Your answer should consist of the lines holding "boolp", copied from the material below.

#### Entries supplied
--*--

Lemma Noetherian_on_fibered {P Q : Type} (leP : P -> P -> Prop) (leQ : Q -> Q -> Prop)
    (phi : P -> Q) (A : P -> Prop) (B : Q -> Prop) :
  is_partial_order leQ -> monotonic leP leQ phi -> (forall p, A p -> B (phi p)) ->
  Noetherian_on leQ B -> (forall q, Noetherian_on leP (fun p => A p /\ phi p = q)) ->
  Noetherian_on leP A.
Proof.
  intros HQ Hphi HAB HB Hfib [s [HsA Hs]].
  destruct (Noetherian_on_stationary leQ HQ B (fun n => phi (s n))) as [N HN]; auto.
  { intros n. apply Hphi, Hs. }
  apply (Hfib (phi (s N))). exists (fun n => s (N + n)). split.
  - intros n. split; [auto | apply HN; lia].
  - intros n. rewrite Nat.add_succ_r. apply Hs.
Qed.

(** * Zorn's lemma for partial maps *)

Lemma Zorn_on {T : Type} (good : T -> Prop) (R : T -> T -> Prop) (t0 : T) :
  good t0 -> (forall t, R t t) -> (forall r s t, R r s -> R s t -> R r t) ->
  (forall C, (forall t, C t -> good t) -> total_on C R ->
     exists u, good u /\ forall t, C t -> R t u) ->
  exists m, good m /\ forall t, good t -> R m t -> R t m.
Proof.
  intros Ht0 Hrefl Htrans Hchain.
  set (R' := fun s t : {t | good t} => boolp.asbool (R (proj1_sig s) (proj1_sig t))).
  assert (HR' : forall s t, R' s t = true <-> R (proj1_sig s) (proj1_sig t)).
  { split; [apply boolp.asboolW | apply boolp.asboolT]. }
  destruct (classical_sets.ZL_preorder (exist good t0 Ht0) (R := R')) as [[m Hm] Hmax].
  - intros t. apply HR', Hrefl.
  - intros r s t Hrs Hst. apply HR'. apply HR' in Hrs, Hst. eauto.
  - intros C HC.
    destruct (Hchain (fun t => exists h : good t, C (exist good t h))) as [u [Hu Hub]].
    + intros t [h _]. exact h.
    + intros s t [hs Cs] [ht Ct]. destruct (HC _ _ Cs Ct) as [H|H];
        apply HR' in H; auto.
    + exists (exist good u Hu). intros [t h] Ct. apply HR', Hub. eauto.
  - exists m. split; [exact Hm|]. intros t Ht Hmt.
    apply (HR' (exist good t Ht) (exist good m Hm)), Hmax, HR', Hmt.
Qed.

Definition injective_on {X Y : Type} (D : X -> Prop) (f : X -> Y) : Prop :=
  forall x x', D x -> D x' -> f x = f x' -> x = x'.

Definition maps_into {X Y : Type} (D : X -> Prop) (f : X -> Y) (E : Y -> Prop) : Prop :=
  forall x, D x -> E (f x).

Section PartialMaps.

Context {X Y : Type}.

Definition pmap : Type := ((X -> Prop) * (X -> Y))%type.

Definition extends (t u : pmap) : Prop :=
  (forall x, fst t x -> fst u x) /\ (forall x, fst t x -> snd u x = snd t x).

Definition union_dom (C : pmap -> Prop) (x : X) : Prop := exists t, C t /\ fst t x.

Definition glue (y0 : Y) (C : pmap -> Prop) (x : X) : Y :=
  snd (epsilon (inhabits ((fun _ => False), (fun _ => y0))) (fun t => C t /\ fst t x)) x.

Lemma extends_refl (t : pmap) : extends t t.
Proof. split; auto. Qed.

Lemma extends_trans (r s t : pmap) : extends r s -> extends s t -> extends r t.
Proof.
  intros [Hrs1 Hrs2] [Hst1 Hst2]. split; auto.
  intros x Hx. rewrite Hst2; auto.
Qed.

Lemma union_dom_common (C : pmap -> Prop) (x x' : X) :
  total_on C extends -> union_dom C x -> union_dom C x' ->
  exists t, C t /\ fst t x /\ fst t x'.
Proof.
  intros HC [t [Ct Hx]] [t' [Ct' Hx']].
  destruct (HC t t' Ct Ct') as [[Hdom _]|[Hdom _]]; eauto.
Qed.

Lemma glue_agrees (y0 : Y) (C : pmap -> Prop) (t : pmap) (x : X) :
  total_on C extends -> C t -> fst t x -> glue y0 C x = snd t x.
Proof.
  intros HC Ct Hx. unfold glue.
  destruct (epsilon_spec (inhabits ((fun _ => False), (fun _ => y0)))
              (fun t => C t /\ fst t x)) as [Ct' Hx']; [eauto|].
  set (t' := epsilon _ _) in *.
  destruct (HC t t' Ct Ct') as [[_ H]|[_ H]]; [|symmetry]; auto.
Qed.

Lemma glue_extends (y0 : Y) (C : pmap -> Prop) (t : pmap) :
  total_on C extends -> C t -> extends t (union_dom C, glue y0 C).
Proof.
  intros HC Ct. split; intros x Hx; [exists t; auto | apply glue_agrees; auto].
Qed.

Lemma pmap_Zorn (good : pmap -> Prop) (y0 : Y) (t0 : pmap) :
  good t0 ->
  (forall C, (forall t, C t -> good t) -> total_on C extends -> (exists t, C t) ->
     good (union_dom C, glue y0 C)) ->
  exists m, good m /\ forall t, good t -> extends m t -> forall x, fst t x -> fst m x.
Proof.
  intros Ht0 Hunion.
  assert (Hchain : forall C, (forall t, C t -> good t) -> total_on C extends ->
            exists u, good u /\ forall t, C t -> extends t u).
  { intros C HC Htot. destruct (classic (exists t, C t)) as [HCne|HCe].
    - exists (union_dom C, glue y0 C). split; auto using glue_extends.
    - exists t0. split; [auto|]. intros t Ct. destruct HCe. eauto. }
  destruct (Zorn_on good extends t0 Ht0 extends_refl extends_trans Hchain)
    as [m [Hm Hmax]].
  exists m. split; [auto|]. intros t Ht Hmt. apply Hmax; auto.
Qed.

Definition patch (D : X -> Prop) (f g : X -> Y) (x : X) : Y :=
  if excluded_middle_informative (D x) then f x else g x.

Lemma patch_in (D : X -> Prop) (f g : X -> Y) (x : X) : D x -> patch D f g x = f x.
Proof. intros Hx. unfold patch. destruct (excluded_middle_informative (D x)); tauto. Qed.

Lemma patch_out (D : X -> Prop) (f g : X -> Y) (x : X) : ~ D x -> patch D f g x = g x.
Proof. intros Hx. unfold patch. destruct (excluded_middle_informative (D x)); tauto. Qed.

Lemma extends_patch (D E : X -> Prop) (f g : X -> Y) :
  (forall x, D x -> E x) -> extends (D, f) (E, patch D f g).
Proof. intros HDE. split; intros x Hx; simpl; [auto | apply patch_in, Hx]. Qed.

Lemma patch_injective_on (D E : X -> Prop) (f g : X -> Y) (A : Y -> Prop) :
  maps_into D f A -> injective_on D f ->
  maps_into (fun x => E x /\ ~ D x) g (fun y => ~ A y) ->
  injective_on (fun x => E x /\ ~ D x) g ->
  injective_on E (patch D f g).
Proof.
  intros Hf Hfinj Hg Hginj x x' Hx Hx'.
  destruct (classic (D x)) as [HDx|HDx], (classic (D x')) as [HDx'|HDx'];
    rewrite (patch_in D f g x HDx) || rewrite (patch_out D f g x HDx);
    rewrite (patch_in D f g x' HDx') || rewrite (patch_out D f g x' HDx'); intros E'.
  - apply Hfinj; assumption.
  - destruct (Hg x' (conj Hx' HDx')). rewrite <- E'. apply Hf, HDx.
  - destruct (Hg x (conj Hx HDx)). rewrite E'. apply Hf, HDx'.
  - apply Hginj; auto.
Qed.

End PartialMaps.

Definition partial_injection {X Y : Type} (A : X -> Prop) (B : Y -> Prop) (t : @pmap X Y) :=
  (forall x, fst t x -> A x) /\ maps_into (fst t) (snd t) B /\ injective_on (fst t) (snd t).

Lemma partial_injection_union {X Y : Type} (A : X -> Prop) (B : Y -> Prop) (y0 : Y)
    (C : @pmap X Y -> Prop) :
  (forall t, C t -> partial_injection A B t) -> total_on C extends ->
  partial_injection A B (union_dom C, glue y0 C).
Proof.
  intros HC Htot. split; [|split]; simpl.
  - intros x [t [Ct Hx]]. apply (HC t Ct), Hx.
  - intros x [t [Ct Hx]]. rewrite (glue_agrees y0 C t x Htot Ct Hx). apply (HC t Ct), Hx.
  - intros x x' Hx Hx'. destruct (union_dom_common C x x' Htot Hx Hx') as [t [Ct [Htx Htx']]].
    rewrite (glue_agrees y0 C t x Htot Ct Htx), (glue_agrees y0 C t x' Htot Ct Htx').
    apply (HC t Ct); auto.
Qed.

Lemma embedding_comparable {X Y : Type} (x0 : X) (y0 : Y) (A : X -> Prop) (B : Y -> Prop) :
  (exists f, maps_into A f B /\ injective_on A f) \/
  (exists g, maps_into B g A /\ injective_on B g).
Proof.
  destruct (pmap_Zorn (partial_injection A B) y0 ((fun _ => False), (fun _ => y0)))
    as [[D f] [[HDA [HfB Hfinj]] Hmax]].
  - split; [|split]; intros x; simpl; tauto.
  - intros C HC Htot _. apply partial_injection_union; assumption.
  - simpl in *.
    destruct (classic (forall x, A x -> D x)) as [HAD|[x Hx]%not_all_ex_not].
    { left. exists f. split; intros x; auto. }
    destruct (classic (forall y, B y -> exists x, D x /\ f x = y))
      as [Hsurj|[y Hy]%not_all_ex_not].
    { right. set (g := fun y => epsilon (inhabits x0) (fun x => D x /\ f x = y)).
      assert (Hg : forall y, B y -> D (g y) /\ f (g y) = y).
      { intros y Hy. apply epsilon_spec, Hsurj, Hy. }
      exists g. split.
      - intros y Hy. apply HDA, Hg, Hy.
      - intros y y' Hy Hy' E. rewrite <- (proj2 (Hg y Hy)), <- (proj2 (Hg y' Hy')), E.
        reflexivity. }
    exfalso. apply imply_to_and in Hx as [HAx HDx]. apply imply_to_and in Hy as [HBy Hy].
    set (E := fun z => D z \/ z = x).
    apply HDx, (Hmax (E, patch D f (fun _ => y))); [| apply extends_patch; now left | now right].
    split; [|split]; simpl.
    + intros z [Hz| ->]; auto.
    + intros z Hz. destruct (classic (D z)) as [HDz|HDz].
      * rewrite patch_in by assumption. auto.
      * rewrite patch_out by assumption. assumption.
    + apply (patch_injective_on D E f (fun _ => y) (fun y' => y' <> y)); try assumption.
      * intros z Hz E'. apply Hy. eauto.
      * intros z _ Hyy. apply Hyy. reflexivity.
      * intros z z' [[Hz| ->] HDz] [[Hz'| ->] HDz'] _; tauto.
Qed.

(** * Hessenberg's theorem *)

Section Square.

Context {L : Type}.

--*--

#### Task result
  set (R' := fun s t : {t | good t} => boolp.asbool (R (proj1_sig s) (proj1_sig t))).
  { split; [apply boolp.asboolW | apply boolp.asboolT]. }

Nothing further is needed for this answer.